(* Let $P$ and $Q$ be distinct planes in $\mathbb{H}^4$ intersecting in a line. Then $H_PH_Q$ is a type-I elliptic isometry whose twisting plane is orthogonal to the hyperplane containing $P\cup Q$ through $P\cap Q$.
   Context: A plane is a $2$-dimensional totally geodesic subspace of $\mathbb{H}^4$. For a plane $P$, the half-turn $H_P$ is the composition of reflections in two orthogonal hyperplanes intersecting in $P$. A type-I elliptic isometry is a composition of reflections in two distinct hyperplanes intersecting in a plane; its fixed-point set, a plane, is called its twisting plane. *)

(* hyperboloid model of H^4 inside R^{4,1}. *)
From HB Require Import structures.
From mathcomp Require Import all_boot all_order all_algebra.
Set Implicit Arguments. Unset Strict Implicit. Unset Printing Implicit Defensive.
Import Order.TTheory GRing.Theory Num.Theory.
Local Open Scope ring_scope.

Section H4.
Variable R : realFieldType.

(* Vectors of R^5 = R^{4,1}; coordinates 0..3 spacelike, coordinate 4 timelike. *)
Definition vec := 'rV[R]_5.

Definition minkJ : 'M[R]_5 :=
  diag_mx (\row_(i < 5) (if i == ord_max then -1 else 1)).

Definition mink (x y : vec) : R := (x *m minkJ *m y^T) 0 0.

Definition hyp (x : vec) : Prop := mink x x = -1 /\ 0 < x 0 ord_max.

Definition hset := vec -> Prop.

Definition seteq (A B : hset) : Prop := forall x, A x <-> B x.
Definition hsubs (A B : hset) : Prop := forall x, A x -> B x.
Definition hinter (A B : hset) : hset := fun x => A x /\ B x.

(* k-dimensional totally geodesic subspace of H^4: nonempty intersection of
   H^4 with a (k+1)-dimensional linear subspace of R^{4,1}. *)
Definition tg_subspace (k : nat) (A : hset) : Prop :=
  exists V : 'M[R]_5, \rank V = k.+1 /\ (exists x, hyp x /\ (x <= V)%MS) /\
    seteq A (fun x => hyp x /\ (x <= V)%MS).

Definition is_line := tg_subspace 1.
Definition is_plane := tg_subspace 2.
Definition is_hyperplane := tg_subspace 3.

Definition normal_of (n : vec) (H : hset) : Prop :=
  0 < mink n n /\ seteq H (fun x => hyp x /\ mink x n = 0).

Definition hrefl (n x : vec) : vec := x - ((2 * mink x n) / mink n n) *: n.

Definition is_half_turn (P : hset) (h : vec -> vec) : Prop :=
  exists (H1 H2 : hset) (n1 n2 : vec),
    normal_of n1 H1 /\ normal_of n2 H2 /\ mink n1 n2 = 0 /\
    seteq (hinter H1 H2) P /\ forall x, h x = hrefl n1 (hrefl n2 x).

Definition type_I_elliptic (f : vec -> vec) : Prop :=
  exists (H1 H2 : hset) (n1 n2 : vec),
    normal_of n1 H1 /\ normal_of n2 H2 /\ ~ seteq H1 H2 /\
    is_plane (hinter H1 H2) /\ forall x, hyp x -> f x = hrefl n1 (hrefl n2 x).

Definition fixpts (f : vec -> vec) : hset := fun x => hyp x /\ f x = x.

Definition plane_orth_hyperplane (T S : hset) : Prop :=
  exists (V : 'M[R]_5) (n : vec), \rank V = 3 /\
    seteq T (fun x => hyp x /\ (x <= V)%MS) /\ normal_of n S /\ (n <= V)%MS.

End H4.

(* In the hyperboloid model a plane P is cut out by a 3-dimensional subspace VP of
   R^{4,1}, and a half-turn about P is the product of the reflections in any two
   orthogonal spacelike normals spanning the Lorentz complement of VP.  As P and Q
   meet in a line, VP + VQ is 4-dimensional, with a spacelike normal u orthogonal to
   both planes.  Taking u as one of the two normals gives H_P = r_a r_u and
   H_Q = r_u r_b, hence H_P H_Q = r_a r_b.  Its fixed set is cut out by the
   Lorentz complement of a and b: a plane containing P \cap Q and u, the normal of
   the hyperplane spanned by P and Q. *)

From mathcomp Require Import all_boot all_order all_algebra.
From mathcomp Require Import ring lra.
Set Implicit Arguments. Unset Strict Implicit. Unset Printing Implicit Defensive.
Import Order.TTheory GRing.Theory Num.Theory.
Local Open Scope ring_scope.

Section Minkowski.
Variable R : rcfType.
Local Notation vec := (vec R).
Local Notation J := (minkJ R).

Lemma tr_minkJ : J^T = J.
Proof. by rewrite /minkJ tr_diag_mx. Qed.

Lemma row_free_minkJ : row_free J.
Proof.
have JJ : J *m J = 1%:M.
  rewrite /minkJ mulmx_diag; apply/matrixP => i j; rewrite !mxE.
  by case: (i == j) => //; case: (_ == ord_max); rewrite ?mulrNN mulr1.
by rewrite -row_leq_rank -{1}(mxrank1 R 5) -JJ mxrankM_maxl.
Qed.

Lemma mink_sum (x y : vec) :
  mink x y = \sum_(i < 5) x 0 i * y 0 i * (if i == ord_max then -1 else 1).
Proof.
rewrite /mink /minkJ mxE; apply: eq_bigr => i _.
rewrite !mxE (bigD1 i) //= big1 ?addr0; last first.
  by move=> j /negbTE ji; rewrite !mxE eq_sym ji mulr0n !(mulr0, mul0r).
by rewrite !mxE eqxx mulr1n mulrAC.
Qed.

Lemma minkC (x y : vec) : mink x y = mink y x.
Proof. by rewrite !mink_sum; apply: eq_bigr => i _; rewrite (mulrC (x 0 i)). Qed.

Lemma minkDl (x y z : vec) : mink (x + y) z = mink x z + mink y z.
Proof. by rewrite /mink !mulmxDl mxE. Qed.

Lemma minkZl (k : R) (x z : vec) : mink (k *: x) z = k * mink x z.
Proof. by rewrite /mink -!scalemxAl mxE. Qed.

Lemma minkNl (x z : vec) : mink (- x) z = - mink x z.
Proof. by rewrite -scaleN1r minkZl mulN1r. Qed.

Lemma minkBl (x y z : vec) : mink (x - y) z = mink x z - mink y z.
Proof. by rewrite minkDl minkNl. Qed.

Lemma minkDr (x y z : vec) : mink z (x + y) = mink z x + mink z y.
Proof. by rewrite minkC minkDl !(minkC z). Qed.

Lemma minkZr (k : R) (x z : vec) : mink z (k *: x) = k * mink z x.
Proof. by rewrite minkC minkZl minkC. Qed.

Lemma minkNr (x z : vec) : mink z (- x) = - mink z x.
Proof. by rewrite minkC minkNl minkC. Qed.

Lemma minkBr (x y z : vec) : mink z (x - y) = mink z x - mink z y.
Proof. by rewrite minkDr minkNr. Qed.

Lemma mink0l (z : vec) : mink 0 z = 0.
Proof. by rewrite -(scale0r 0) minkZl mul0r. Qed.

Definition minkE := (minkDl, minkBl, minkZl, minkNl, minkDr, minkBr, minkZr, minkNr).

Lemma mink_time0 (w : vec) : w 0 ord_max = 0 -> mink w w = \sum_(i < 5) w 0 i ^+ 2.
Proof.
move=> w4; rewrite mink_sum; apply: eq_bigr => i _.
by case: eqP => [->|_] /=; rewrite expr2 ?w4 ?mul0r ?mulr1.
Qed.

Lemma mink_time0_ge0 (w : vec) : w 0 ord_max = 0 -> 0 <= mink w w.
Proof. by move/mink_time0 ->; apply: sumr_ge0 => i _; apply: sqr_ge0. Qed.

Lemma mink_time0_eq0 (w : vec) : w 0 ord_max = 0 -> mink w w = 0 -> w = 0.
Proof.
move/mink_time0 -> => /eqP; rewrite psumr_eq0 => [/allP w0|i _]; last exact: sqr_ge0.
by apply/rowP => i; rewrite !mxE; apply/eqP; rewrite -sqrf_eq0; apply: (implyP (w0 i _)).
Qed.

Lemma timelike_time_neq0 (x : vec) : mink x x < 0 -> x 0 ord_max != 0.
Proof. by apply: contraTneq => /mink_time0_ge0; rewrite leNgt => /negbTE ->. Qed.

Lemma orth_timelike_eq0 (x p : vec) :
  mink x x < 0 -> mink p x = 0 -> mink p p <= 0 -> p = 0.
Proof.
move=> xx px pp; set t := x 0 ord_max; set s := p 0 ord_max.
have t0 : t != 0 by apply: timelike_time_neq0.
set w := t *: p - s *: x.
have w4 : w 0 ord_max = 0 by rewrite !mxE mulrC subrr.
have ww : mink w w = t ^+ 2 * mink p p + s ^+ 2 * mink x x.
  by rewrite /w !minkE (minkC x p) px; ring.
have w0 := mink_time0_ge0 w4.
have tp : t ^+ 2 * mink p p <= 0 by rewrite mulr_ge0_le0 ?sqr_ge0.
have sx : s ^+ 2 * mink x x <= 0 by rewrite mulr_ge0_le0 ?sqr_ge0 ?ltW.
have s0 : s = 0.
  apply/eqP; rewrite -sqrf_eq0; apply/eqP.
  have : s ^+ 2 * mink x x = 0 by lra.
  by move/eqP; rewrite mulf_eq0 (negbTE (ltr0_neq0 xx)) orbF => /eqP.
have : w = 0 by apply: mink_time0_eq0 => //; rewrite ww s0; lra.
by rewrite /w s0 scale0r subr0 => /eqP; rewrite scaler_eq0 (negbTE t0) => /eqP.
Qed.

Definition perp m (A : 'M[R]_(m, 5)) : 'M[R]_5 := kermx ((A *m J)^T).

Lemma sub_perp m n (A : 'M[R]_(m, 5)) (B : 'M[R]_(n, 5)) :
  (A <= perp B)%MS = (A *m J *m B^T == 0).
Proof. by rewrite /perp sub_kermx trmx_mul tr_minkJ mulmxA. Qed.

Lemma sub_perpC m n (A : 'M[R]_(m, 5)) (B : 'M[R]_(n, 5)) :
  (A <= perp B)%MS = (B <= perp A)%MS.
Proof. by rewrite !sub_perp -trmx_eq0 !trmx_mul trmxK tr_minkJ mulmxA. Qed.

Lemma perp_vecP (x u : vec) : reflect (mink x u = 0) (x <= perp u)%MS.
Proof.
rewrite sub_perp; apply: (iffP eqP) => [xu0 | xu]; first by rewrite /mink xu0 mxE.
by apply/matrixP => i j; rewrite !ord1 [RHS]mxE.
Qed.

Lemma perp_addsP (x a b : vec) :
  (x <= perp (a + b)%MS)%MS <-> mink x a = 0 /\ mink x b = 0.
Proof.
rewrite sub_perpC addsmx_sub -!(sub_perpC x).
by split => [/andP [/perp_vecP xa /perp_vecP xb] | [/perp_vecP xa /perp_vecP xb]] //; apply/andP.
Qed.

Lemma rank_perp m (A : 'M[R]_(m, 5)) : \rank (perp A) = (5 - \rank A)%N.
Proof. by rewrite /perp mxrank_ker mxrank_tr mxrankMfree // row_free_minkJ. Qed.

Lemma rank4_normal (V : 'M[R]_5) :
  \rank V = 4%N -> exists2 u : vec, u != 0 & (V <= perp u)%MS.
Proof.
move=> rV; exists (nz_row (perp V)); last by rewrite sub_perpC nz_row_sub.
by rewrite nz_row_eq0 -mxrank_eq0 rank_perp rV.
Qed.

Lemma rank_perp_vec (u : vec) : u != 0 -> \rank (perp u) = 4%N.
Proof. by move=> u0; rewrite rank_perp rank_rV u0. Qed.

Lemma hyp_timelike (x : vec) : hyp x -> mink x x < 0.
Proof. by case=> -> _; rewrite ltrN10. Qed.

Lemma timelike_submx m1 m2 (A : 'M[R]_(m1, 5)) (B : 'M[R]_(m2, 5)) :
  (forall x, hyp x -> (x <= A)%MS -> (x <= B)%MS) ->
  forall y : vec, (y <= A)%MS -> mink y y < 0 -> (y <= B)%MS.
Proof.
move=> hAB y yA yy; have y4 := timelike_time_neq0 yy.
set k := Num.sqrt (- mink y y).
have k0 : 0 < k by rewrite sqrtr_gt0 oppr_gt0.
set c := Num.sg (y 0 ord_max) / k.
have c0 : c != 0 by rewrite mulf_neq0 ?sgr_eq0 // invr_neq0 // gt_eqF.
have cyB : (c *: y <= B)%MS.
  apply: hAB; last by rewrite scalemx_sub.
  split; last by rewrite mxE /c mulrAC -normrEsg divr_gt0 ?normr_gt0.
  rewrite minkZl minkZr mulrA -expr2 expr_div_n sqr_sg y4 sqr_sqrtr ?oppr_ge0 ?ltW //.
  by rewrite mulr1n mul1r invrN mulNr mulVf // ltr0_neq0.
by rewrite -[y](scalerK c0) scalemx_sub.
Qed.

● ● ● ● ●

#### [Task to carry out]
Go through the material above and report each line containing "Notation".

#### [Response below]
Local Notation vec := (vec R).
Local Notation J := (minkJ R).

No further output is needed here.